---------- Data for processing

Lemma tbracket_tens a b a' b' x y x' y' :
  homog deg a x -> homog deg b y -> homog deg a' x' -> homog deg b' y' ->
  tbr (tens x y) (tens x' y')
    = tens x (br y x' y') + eps b (a' + b') *: tens (br x x' y') y.
Proof.
move=> hx hy hx' hy'; set c := eps b (a' + b').
apply: (@eq_linear_malg _ _ _ (fun u => tbr (tens u y) (tens x' y'))
   (fun u => tens u (br y x' y') + c *: tens (br u x' y') y)).
- exact: linear_comp (tens_linearl _) (tbracket_linearl _).
- exact: linear_addZ (tens_linearl _)
                     (linear_comp (br_linear1 br_ternary _ _) (tens_linearl _)).
move=> i _ /=.
apply: (@eq_linear_malg _ _ _ (fun u => tbr (tens << i >> u) (tens x' y'))
   (fun u => tens << i >> (br u x' y') + c *: tens (br << i >> x' y') u)).
- exact: linear_comp (tens_linearr _) (tbracket_linearl _).
- exact: linear_addZ (linear_comp (br_linear1 br_ternary _ _) (tens_linearr _))
                     (tens_linearr _).
move=> j /hy deg_j /=.
apply: (@eq_linear_malg _ _ _ (fun u => tbr (tens << i >> << j >>) (tens u y'))
   (fun u => tens << i >> (br << j >> u y')
             + c *: tens (br << i >> u y') << j >>)).
- exact: linear_comp (tens_linearl _) (tbracket_linearr _).
- exact: linear_addZ (linear_comp (br_linear2 br_ternary _ _) (tens_linearr _))
                     (linear_comp (br_linear2 br_ternary _ _) (tens_linearl _)).
move=> i' /hx' deg_i' /=.
apply: (@eq_linear_malg _ _ _
   (fun u => tbr (tens << i >> << j >>) (tens << i' >> u))
   (fun u => tens << i >> (br << j >> << i' >> u)
             + c *: tens (br << i >> << i' >> u) << j >>)).
- exact: linear_comp (tens_linearr _) (tbracket_linearr _).
- exact: linear_addZ (linear_comp (br_linear3 br_ternary _ _) (tens_linearr _))
                     (linear_comp (br_linear3 br_ternary _ _) (tens_linearl _)).
move=> j' /hy' deg_j' /=.
by rewrite !tensU tbracketU /c -deg_j -deg_i' -deg_j'.
Qed.

Lemma homog_tbracket a b S T :
  homog (tdeg deg) a S -> homog (tdeg deg) b T ->
  homog (tdeg deg) (a + b) (tbr S T).
Proof.
move=> hS hT; rewrite tbracketE; apply: homog_malg_ext => -[i j] /hS <-.
apply: homog_malg_ext => -[i' j'] /hT <-; rewrite /tdeg /=.
have hU k : homog deg (deg k) (<< k >> : {malg K[B]}) by exact: homogU.
apply: homogD; last apply: homogZ.
  have -> : deg i + deg j + (deg i' + deg j')
            = deg i + (deg j + deg i' + deg j').
    by rewrite !addrA.
  exact: homog_tens (hU i) (homog_br br_ternary (hU j) (hU i') (hU j')).
have -> : deg i + deg j + (deg i' + deg j') = deg i + deg i' + deg j' + deg j.
  by rewrite addrAC !addrA.
exact: homog_tens (homog_br br_ternary (hU i) (hU i') (hU j')) (hU j).
Qed.

Lemma tbracket_leibniz a b c S T U :
  homog (tdeg deg) a S -> homog (tdeg deg) b T -> homog (tdeg deg) c U ->
  tbr (tbr S T) U = tbr S (tbr T U) + eps b c *: tbr (tbr S U) T.
Proof.
move=> hS hT hU; set e := eps b c.
apply: (@eq_linear_malg _ _ _ (fun u => tbr (tbr u T) U)
   (fun u => tbr u (tbr T U) + e *: tbr (tbr u U) T)).
- exact: linear_comp (tbracket_linearl _) (tbracket_linearl _).
- exact: linear_addZ (tbracket_linearl _)
                     (linear_comp (tbracket_linearl _) (tbracket_linearl _)).
move=> [i j] _ /=.
apply: (@eq_linear_malg _ _ _ (fun u => tbr (tbr << (i, j) >> u) U)
   (fun u => tbr << (i, j) >> (tbr u U) + e *: tbr (tbr << (i, j) >> U) u)).
- exact: linear_comp (tbracket_linearr _) (tbracket_linearl _).
- exact: linear_addZ (linear_comp (tbracket_linearl _) (tbracket_linearr _))
                     (tbracket_linearr _).
move=> [i' j'] /hT deg_ij' /=.
apply: (@eq_linear_malg _ _ _ (fun u => tbr (tbr << (i, j) >> << (i', j') >>) u)
   (fun u => tbr << (i, j) >> (tbr << (i', j') >> u)
             + e *: tbr (tbr << (i, j) >> u) << (i', j') >>)).
- exact: tbracket_linearr.
- exact: linear_addZ (linear_comp (tbracket_linearr _) (tbracket_linearr _))
                     (linear_comp (tbracket_linearr _) (tbracket_linearl _)).
move=> [i'' j''] /hU deg_ij'' /=.
rewrite /e -deg_ij' -deg_ij'' -!tensU /tdeg /=.
by apply: (bracket_leibniz_elementary eps_bichar br_ternary (@tens_linearl K B)
  (@tens_linearr K B) tbracket_linearl tbracket_linearr tbracket_tens);
  apply: homogU.
Qed.

End TensorBracket.

Theorem mainTheorem11 (G : zmodType) (K : fieldType) (B : choiceType)
  (deg : B -> G) (eps : G -> G -> K)
  (br : {malg K[B]} -> {malg K[B]} -> {malg K[B]} -> {malg K[B]}) :
  (2%:R : K) != 0 ->
  skew_bichar eps ->
  ternary_leibniz_color deg eps br ->
  leibniz_color (tdeg deg) eps (tbracket deg eps br)
  /\ (forall a b a' b' (x y x' y' : {malg K[B]}),
        homog deg a x -> homog deg b y -> homog deg a' x' -> homog deg b' y' ->
        tbracket deg eps br (tens x y) (tens x' y')
          = tens x (br y x' y') + eps b (a' + b') *: tens (br x x' y') y).
Proof.
move=> _ eps_bichar br_ternary; split; last exact: tbracket_tens.
split.
- exact: (tbracket_linearl deg eps br).
- exact: (tbracket_linearr deg eps br).
- by move=> a b S T; exact: homog_tbracket.
- by move=> a b c S T U; exact: tbracket_leibniz.
Qed.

--------------------

__The task__
What are the lines, exactly as written above, from the line with "move=> hS hT;" to the line with "exact: homog_tens (hU", both included? Output only those.

__Task result__
move=> hS hT; rewrite tbracketE; apply: homog_malg_ext => -[i j] /hS <-.
apply: homog_malg_ext => -[i' j'] /hT <-; rewrite /tdeg /=.
have hU k : homog deg (deg k) (<< k >> : {malg K[B]}) by exact: homogU.
apply: homogD; last apply: homogZ.
  have -> : deg i + deg j + (deg i' + deg j')
            = deg i + (deg j + deg i' + deg j').
    by rewrite !addrA.
  exact: homog_tens (hU i) (homog_br br_ternary (hU j) (hU i') (hU j')).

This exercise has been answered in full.